PROBLEM DESCRIPTION
For the word "apply", count the lines of the records that hold it, and give only that number.

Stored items
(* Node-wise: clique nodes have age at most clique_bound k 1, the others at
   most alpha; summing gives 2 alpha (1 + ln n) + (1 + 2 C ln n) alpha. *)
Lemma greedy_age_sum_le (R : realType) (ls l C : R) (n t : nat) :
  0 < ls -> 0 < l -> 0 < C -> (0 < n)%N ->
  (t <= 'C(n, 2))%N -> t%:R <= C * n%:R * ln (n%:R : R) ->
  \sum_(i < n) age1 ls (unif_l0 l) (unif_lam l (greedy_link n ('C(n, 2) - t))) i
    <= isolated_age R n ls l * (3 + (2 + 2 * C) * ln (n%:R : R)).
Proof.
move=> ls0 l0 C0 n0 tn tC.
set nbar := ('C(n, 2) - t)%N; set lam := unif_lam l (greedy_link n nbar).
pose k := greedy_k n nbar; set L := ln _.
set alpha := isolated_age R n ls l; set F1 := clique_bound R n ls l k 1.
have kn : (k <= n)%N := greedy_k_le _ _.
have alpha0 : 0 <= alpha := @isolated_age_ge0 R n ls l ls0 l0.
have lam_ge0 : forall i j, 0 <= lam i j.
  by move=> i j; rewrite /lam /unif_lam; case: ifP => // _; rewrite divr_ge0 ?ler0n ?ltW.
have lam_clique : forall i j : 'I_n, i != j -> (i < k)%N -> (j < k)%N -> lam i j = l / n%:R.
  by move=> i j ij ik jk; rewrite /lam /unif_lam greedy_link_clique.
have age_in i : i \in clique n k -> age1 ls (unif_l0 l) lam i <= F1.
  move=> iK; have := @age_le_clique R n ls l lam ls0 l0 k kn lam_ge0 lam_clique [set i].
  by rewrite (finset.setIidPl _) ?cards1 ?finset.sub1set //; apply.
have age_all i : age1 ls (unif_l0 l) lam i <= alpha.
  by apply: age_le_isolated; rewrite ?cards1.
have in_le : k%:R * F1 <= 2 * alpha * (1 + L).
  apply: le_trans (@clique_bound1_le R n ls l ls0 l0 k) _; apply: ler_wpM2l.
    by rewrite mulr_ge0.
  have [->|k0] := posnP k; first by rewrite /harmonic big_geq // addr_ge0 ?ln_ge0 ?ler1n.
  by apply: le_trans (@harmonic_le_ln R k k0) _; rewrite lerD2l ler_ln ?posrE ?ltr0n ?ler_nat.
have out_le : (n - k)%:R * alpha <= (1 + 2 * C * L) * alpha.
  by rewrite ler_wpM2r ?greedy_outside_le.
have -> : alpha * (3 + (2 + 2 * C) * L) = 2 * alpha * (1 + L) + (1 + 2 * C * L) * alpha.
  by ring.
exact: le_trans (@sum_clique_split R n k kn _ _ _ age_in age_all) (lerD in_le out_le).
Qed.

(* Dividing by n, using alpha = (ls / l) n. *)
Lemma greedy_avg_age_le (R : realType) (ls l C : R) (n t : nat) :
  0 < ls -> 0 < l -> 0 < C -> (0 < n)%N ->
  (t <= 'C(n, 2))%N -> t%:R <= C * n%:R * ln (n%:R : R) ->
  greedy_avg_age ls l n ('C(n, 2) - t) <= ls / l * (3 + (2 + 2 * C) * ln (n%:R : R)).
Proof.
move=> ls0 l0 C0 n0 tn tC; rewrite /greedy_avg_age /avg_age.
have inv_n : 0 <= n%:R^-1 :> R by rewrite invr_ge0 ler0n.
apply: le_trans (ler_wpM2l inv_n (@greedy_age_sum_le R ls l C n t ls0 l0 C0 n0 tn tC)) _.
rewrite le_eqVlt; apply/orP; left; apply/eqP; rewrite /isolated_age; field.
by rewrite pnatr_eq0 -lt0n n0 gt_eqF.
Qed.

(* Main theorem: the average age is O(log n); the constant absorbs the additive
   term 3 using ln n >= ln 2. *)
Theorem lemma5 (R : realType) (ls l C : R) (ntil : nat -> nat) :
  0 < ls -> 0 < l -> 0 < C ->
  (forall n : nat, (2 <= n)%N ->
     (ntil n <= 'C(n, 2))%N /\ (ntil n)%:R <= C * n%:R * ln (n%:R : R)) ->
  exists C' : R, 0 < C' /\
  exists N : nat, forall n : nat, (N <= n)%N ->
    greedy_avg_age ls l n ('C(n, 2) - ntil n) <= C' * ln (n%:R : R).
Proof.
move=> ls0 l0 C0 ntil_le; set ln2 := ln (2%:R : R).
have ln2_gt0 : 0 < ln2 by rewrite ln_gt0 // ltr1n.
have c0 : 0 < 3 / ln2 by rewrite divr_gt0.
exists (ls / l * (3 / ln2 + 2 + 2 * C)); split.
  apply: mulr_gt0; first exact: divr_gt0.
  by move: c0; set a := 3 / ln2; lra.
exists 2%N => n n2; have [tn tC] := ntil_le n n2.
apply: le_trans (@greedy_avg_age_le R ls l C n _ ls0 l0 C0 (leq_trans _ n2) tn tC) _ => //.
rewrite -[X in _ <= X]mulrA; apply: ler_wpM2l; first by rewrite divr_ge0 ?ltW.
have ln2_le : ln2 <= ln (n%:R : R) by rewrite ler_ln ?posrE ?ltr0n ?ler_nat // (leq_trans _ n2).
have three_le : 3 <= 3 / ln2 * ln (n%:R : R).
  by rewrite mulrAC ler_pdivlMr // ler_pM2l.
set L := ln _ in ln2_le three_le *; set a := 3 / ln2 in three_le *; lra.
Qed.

ANSWER FOR THIS EXERCISE
9